Роклист многое знает. День и вечер он простаивал у высокой машины. Заправит ее клеем, краской, маслом, а внизу у ног вертится во всем этом рыжий, медный, весь в гравировке вал. Ситец прижимается к валу и лентой уходит вверх. Никита глядит, глаз не сводит с рисунков, а материя тянется и тянется. И цветы тебе, и поля тебе, и бабочки, и горошек, и японская хризантема. А вал медный так и кипит в краске, и на материи, прижатой к валу и от него убегающей, все это расцветает желтым — и так, скажем, на двенадцать часов желтые кружочки расположились. А потом на все шестнадцать — красные горошинки.
Даже здесь на фронте, у Чишмы, Никита мне говорил: «Ночью глаза закрою, а передо мной тянется лента желтого, зеленого, красного — и ночью устаю.
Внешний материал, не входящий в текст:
(* Let $m$ be a square-free integer and let $B$ be a commutative algebra over $A=\mathbb{Z}/m\mathbb{Z}$ that is free of finite rank as an $A$-module. If $p>\operatorname{rk}_A(B)$ for all primes $p$ dividing $m$, then $\operatorname{Trad}(B/A)=\operatorname{nil}(B)$.
   Context: For commutative rings $A\subseteq B$ with $B$ free of finite rank over $A$, $\operatorname{Tr}_{B/A}:B\to A$ sends $x$ to the trace of the $A$-linear map $y\mapsto xy$ on $B$, and the trace radical is $\operatorname{Trad}(B/A)=\{x\in B: \operatorname{Tr}_{B/A}(xB)=0\}$. $\operatorname{nil}(B)$ is the ideal of nilpotent elements of $B$. *)

From HB Require Import structures.
From mathcomp Require Import all_boot all_order all_algebra.
Set Implicit Arguments. Unset Strict Implicit. Unset Printing Implicit Defensive.
Import GRing.Theory.
Local Open Scope ring_scope.

Definition squarefree (m : nat) : Prop :=
  forall p : nat, prime p -> ~~ (p * p %| m)%N.

(* Trace Tr_{B/A}(x): trace of the A-linear map y |-> x*y, computed in the
   coordinates given by a linear isomorphism phi : B -> A^n with inverse psi. *)
Definition algTrace (A : comNzRingType) (B : comAlgType A) (n : nat)
  (phi : B -> 'rV[A]_n) (psi : 'rV[A]_n -> B) (x : B) : A :=
  \tr (lin1_mx (fun v : 'rV[A]_n => phi (x * psi v))).

Definition in_Trad (A : comNzRingType) (B : comAlgType A) (n : nat)
  (phi : B -> 'rV[A]_n) (psi : 'rV[A]_n -> B) (x : B) : Prop :=
  forall y : B, algTrace phi psi (x * y) = 0.

Definition is_nilpotent (R : pzRingType) (x : R) : Prop :=
  exists k : nat, x ^+ k = 0.

From HB Require Import structures.
From mathcomp Require Import all_boot all_order all_algebra.
From mathcomp Require Import ring.
Set Implicit Arguments. Unset Strict Implicit. Unset Printing Implicit Defensive.
Import GRing.Theory.
Local Open Scope ring_scope.

(* Let L_x be the matrix of multiplication by x, so that Tr(x) = tr L_x and
   x |-> L_x is a faithful ring morphism. As m is squarefree, an element of Z/m
   vanishes iff it vanishes modulo every prime p | m, and reduction commutes with
   traces and powers, so everything can be checked over F_p. There a nilpotent
   matrix has characteristic polynomial X^n, hence trace 0. Conversely, if
   tr(M^k) = 0 for all k > 0, Cayley-Hamilton gives M^n = M^n M u(M) for some
   polynomial u, so e = M^n u(M)^n is an idempotent with M^n = e M^n. Its trace is
   that of a polynomial in M without constant term, hence 0, but it is also
   rank e, and rank e <= n < p then forces e = 0. *)

Lemma squarefree_logn m p :
  squarefree m -> (0 < m)%N -> prime p -> (p %| m)%N -> logn p m = 1%N.
Proof.
move=> sqf m_gt0 p_pr p_dvd_m; apply/eqP; rewrite eqn_leq.
rewrite -(pfactor_dvdn 1 p_pr) // expn1 p_dvd_m andbT leqNgt.
by rewrite -(pfactor_dvdn 2 p_pr) // -mulnn (negbTE (sqf p p_pr)).
Qed.

Lemma squarefree_dvdn m d : squarefree m -> (0 < m)%N ->
  (forall p, prime p -> (p %| m)%N -> (p %| d)%N) -> (m %| d)%N.
Proof.
move=> sqf m_gt0 dvd_d; apply/dvdn_partP => // p; rewrite mem_primes.
case/and3P=> p_pr _ p_dvd_m.
by rewrite p_part squarefree_logn // expn1 dvd_d.
Qed.

Lemma ltn_Zp m (x : 'Z_m) : (1 < m)%N -> (x < m)%N.
Proof. by move=> m_gt1; rewrite -[m in (_ < m)%N]Zp_cast ?ltn_ord. Qed.

(* The proofs are arguments so that the ring morphism instance declared below
   is found by unification outside the section. *)
Definition Zp_to_Fp m p (m_gt1 : (1 < m)%N) (p_pr : prime p) (p_dvd_m : (p %| m)%N)
  (x : 'Z_m) : 'F_p := (x : nat)%:R.

Section ReductionModPrime.
Variables (m p : nat) (m_gt1 : (1 < m)%N) (p_pr : prime p) (p_dvd_m : (p %| m)%N).
Local Notation red := (Zp_to_Fp m_gt1 p_pr p_dvd_m).

Lemma natr_Fp_eq0 a : ((a%:R : 'F_p) == 0) = (p %| a)%N.
Proof. by rewrite (dvdn_pcharf (pchar_Fp p_pr)). Qed.

Lemma natrm_Fp : m%:R = 0 :> 'F_p.
Proof. by apply/eqP; rewrite natr_Fp_eq0. Qed.

Lemma Fp_nat_mod_dvd a : ((a %% m)%N%:R : 'F_p) = a%:R.
Proof. by rewrite {2}(divn_eq a m) natrD natrM natrm_Fp mulr0 add0r. Qed.

Lemma red_natr a : red a%:R = a%:R.
Proof. by rewrite /Zp_to_Fp val_Zp_nat // Fp_nat_mod_dvd. Qed.

Lemma red_is_zmod_morphism : zmod_morphism red.
Proof.
move=> x y; have y_le_m : (y <= m)%N by rewrite ltnW ?ltn_Zp.
have -> : x - y = (x + (m - y))%:R :> 'Z_m.
  by rewrite natrD natrB // pchar_Zp // add0r !natr_Zp.
by rewrite red_natr natrD natrB // natrm_Fp add0r.
Qed.

Lemma red_is_monoid_morphism : monoid_morphism red.
Proof.
split=> [|x y]; first exact: red_natr 1.
by rewrite -[x]natr_Zp -[y]natr_Zp -natrM !red_natr natrM.
Qed.

HB.instance Definition _ := GRing.isZmodMorphism.Build _ _ red red_is_zmod_morphism.
HB.instance Definition _ := GRing.isMonoidMorphism.Build _ _ red red_is_monoid_morphism.

Lemma red_eq0 x : (red x == 0) = (p %| x)%N.
Proof. exact: natr_Fp_eq0. Qed.

End ReductionModPrime.

Section SquarefreeModulus.
Variables (m : nat) (m_gt1 : (1 < m)%N) (sqf : squarefree m).

Lemma Zp_eq0_of_red (x : 'Z_m) :
  (forall p (p_pr : prime p) (p_dvd_m : (p %| m)%N), Zp_to_Fp m_gt1 p_pr p_dvd_m x = 0) ->
  x = 0.
Proof.
move=> red_x0; have : (m %| x)%N.
  apply: squarefree_dvdn => // [|p p_pr p_dvd_m]; first exact: ltnW.
  by rewrite -(red_eq0 m_gt1 p_pr p_dvd_m) red_x0.
by rewrite /dvdn modn_small ?ltn_Zp // => /eqP x0; apply: val_inj.
Qed.

Lemma mx_eq0_of_red r c (M : 'M['Z_m]_(r, c)) :
  (forall p (p_pr : prime p) (p_dvd_m : (p %| m)%N),
     map_mx (Zp_to_Fp m_gt1 p_pr p_dvd_m) M = 0) ->
  M = 0.
Proof.
move=> red_M0; apply/matrixP => i j; rewrite mxE.
apply: Zp_eq0_of_red => p p_pr p_dvd_m.
by have /matrixP/(_ i j) := red_M0 p p_pr p_dvd_m; rewrite !mxE.
Qed.

End SquarefreeModulus.

Lemma mxtrace_pid (R : pzRingType) n r :
  (r <= n)%N -> \tr (pid_mx r : 'M[R]_n) = r%:R.
Proof.
move=> le_rn; rewrite /mxtrace.
rewrite (eq_bigr (fun i : 'I_n => if (i < r)%N then 1 else 0)) => [|i _]; last first.
  by rewrite mxE eqxx; case: ltnP.
rewrite -big_mkcond -(big_ord_widen _ (fun _ => 1) le_rn) /=.
by rewrite sumr_const card_ord.
Qed.

Section FieldMatrices.
Variable F : fieldType.

Lemma mxtrace_idem n (E : 'M[F]_n) : E *m E = E -> \tr E = (\rank E)%:R.
Proof.
have := mulmx_ebase E; set L := col_ebase E; set U := row_ebase E; set r := \rank E.
have uL : L \in unitmx := col_ebase_unit E.
have uU : U \in unitmx := row_ebase_unit E.
have le_rn : (r <= n)%N := rank_leq_row E.
clearbody L U r => <- idemE.
have pid_UL_pid : pid_mx r *m (U *m L) *m pid_mx r = pid_mx r :> 'M_n.
  apply: (can_inj (mulmxK uU)); apply: (can_inj (mulKmx uL)).
  by move: idemE; rewrite !mulmxA.
rewrite -mulmxA mxtrace_mulC -{1}(@pid_mx_id F n n n r le_rn) -!mulmxA mxtrace_mulC.
by rewrite !mulmxA -(mulmxA _ U) pid_UL_pid mxtrace_pid.
Qed.

Lemma mxtrace_horner_Xmul n (M : 'M[F]_n.+1) (r : {poly F}) :
  (forall k, (0 < k)%N -> \tr (M ^+ k) = 0) -> \tr (horner_mx M ('X * r)) = 0.
Proof.
move=> trM0; rewrite -[r]coefK poly_def mulr_sumr rmorph_sum raddf_sum big1 // => i _.
by rewrite -scalerAr -exprS /= horner_mxZ mxtraceZ rmorphXn /= horner_mx_X trM0 ?mulr0.
Qed.

Lemma horner_mx_Xn_fitting n (M : 'M[F]_n.+1) :
  exists u : {poly F}, horner_mx M ('X^(n.+1)) = horner_mx M ('X^(n.+1) * ('X * u)).
Proof.
have chi_neq0 : char_poly M != 0 := monic_neq0 (char_poly_monic M).
have [s [q]] := multiplicity_XsubC (char_poly M) 0.
rewrite chi_neq0 polyC0 subr0 /= => q0_neq0 chiE.
have le_sN : (s <= n.+1)%N.
  have q_neq0 : q != 0 by apply: contraNneq chi_neq0 => q0; rewrite chiE q0 mul0r.
  have := size_char_poly M; rewrite chiE size_mul ?expf_neq0 ?polyX_eq0 //.
  rewrite size_polyXn addnS /= => sizeE.
  by rewrite -ltnS -sizeE -{1}[s]add0n ltn_add2r size_poly_gt0.
have Xnq_root : horner_mx M ('X^(n.+1) * q) = 0.
  have -> : 'X^(n.+1) * q = 'X^(n.+1 - s) * char_poly M.
    by rewrite chiE mulrCA -exprD subnK // mulrC.
  by rewrite rmorphM /= Cayley_Hamilton mulr0.
set c := q.[0] in q0_neq0.
have [h qE] : exists h, q = c%:P + 'X * h.
  have /factor_theorem[h hE] : root (q - c%:P) 0 by rewrite /root !hornerE subrr.
  by exists h; rewrite polyC0 subr0 mulrC in hE; rewrite -hE addrC subrK.
exists (- c^-1 *: h).
have -> : 'X^(n.+1) * ('X * (- c^-1 *: h)) = 'X^(n.+1) - c^-1 *: ('X^(n.+1) * q).
  have cVc : c^-1%:P * c%:P = 1 by rewrite -polyCM mulVf.
  rewrite qE -!mul_polyC polyCN.
  transitivity ('X^(n.+1) * (1 - c^-1%:P * c%:P) + 'X^(n.+1) * ('X * (- c^-1%:P * h))).
    by rewrite cVc subrr mulr0 add0r.
  by ring.
by rewrite rmorphB /= horner_mxZ Xnq_root scaler0 subr0.
Qed.

Lemma nilpotent_of_trace_powers n (M : 'M[F]_n) :
  (forall r, (0 < r <= n)%N -> r%:R != 0 :> F) ->
  (forall k, (0 < k)%N -> \tr (M ^+ k) = 0) -> M ^+ n = 0.
Proof.
case: n M => [|n] M natr_neq0 trM0; first by rewrite [LHS]flatmx0 [RHS]flatmx0.
have [u fitE] := horner_mx_Xn_fitting M.
have fitEX j : horner_mx M ('X^(n.+1)) = horner_mx M ('X^(n.+1) * ('X * u) ^+ j).
  elim: j => [|j IHj]; first by rewrite mulr1.
  by rewrite [_ ^+ j.+1]exprSr mulrA rmorphM /= -IHj -rmorphM; apply: fitE.
pose e := horner_mx M ('X^(n.+1) * u ^+ n.+1).
have MXn : M ^+ n.+1 = horner_mx M ('X^(n.+1)) by rewrite rmorphXn /= horner_mx_X.
have MnE : M ^+ n.+1 = e * M ^+ n.+1.
  rewrite MXn {1}(fitEX n.+1) -rmorphM /=.
  by congr (horner_mx M _); rewrite exprMn; ring.
have e_idem : e *m e = e.
  rewrite mulmxE -rmorphM /=.
  have -> : 'X^(n.+1) * u ^+ n.+1 * ('X^(n.+1) * u ^+ n.+1)
          = 'X^(n.+1) * ('X * u) ^+ n.+1 * u ^+ n.+1 by rewrite exprMn; ring.
  by rewrite rmorphM /= -fitEX -rmorphM.
have tr_e0 : \tr e = 0 by rewrite /e exprS -mulrA mxtrace_horner_Xmul.
have : \rank e == 0%N.
  rewrite -[_ == _]negbK -lt0n; apply/negP => rank_gt0.
  have := natr_neq0 (\rank e); rewrite rank_gt0 rank_leq_row -mxtrace_idem //.
  by rewrite tr_e0 eqxx => /(_ isT).
by rewrite mxrank_eq0 => /eqP e0; rewrite MnE e0 mul0r.
Qed.

Lemma char_poly_nilpotent n (M : 'M[F]_n) k : M ^+ k = 0 -> char_poly M = 'X^n.
Proof.
move=> Mk0; set A := map_mx polyC M; pose X : 'M[{poly F}]_n := 'X%:M.
have Ak0 : A ^+ k = 0 by rewrite /A -rmorphXn /= Mk0 map_mx0.
have /(subrXX_comm k) : GRing.comm X A by rewrite /GRing.comm -!mulmxE scalar_mxC.
rewrite Ak0 subr0; set S := \sum_(i < k) _ => XkE.
have : char_poly M %| ('X - 0%:P) ^+ (k * n).
  apply/dvdpP; exists (\det S).
  rewrite polyC0 subr0 mulrC -det_mulmx mulmxE -XkE.
  by rewrite /X -rmorphXn /= det_scalar exprM.
case/dvdp_exp_XsubCP=> j _; rewrite polyC0 subr0.
rewrite eqp_monic ?char_poly_monic ?monicXn // => /eqP chiE.
by have := size_char_poly M; rewrite chiE size_polyXn => -[->].
Qed.

Lemma mxtrace_nilpotent n (M : 'M[F]_n) k : M ^+ k = 0 -> \tr M = 0.
Proof.
case: n M => [|n] M /char_poly_nilpotent chiE; first by rewrite /mxtrace big_ord0.
apply/eqP; rewrite -oppr_eq0 -char_poly_trace // chiE coefXn.
by rewrite eqn_leq ltnn andbF.
Qed.

End FieldMatrices.

Section RegularRepresentation.
Variables (R : comNzRingType) (B : comAlgType R) (n : nat).
Variables (phi : {linear B -> 'rV[R]_n}) (psi : 'rV[R]_n -> B).
Hypotheses (phiK : cancel phi psi) (psiK : cancel psi phi).

Definition mul_coord (x : B) (v : 'rV[R]_n) : 'rV[R]_n := phi (x * psi v).

Lemma mul_coord_is_linear x : linear (mul_coord x).
Proof.
have psi_linear : linear psi.
  by move=> a u v; apply: (can_inj phiK); rewrite linearP /= !psiK.
by move=> a u v; rewrite /mul_coord psi_linear mulrDr -scalerAr linearP.
Qed.

HB.instance Definition _ x :=
  GRing.isLinear.Build _ _ _ _ (mul_coord x) (mul_coord_is_linear x).

Definition regmx x := lin1_mx (mul_coord x).

Lemma mul_regmx x y : phi y *m regmx x = phi (x * y).
Proof. by rewrite mul_rV_lin1 /= /mul_coord phiK. Qed.

Lemma regmx_eq (M : 'M[R]_n) x : (forall y, phi y *m M = phi (x * y)) -> regmx x = M.
Proof.
move=> MxE; apply/row_matrixP => i.
by rewrite !rowE -[delta_mx _ _]psiK mul_regmx MxE.
Qed.

Lemma regmx1 : regmx 1 = 1%:M.
Proof. by apply: regmx_eq => y; rewrite mulmx1 mul1r. Qed.

Lemma regmxM x y : regmx (x * y) = regmx x *m regmx y.
Proof. by apply: regmx_eq => z; rewrite mulmxA !mul_regmx mulrCA mulrA mulrC. Qed.

Lemma regmxX x k : regmx (x ^+ k) = regmx x ^+ k.
Proof.
elim: k => [|k IHk]; first exact: regmx1.
by rewrite exprS regmxM IHk exprS.
Qed.

Lemma regmx0 : regmx 0 = 0.
Proof. by apply: regmx_eq => y; rewrite mulmx0 mul0r linear0. Qed.

Lemma regmx_eq0 x : (regmx x == 0) = (x == 0).
Proof.
apply/eqP/eqP=> [x0|->]; last exact: regmx0.
by rewrite -[x]mulr1 -[x * 1]phiK -mul_regmx x0 mulmx0 -(linear0 phi) phiK.
Qed.

End RegularRepresentation.

Theorem proposition5p20 (m : nat) (m_gt1 : (1 < m)%N) (sqf : squarefree m)
  (B : comAlgType 'Z_m) (n : nat)
  (phi : {linear B -> 'rV['Z_m]_n}) (psi : 'rV['Z_m]_n -> B)
  (phiK : cancel phi psi) (psiK : cancel psi phi)
  (hp : forall p : nat, prime p -> (p %| m)%N -> (n < p)%N) :
  forall x : B, in_Trad phi psi x <-> is_nilpotent x.
Proof.
move=> x; have trE z : algTrace phi psi z = \tr (regmx phi psi z) by [].
have regmx_exp := regmxX phiK psiK.
split=> [x_trad | [k xk0] y].
- exists n; apply/eqP; rewrite -(regmx_eq0 phiK psiK) regmx_exp; apply/eqP.
  apply: (mx_eq0_of_red (m_gt1 := m_gt1) sqf) => p p_pr p_dvd_m.
  rewrite rmorphXn /=.
  apply: nilpotent_of_trace_powers => [r /andP[r_gt0 r_le_n] | k k_gt0].
    by rewrite natr_Fp_eq0 // gtnNdvd // (leq_ltn_trans r_le_n) ?hp.
  rewrite -rmorphXn /= trace_map_mx -regmx_exp -trE -(prednK k_gt0) exprS.
  by rewrite x_trad rmorph0.
- rewrite trE; apply: (Zp_eq0_of_red (m_gt1 := m_gt1) sqf) => p p_pr p_dvd_m.
  rewrite -trace_map_mx; apply: (mxtrace_nilpotent (k := k)).
  by rewrite -rmorphXn /= -regmx_exp exprMn xk0 mul0r (regmx0 phiK psiK) map_mx0.
Qed.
Одолевает узор: узор крапчатый, наливчатый, с переборами, с недоборами».
Лицо паренька мгновенно менялось: он то, хмурясь, щурил глаза, а то широко раскрывал их. Синие, они блестели. Морщил нос, вертел смешной бритой головой и тревожил меня своими рассказами.
Он тянул меня заглянуть куда-то за край войны.
— Даже израненный, бил Никита каппелевцев, и в глазах у него не рябило, когда они на пулемет налезали. Только в бреду ему мерещился страшный узор: светящиеся жуки, и он боялся их, просил, чтоб прогнали. Мы охрипли, крича, что ему мерещь в глаза набилась и нет уже каппелевских жуков, но Никита ничего не соображал — ты ведь слышал, как он бредил.
И всего не перескажешь, что наговорил мне ивановец. Хотелось ему, видно, домой, в свои края, но должны были мы взять в Туркестане хлопок и впрыснуть живую воду в его фабрики. А в том, что фабрики теперь его, паренек не сомневался.
— Слушай, — спросил я, — откуда ты все наизусть знаешь? Кто же ты сам? Может, роклист или еще кто на куваевской фабрике?
— Нет, сейчас я мало кто, всего-навсего боец, да и не с куваевской или грязновской фабрик. В нашем полку не все ивановцы, тут и кинешемские, шуйские, вычугские. Городские мы или деревенские, если не с фабрик, то вокруг них повырастали и знаем — все от этих рук! — Паренек вытянул передо мной две крепкие загорелые руки. — Слыхал, как нас Фрунзе зовет? Людьми русского Манчестера. — Паренек покраснел и душевно так попросил: — Отвоюемся, поедем к нам и все по-своему повернем.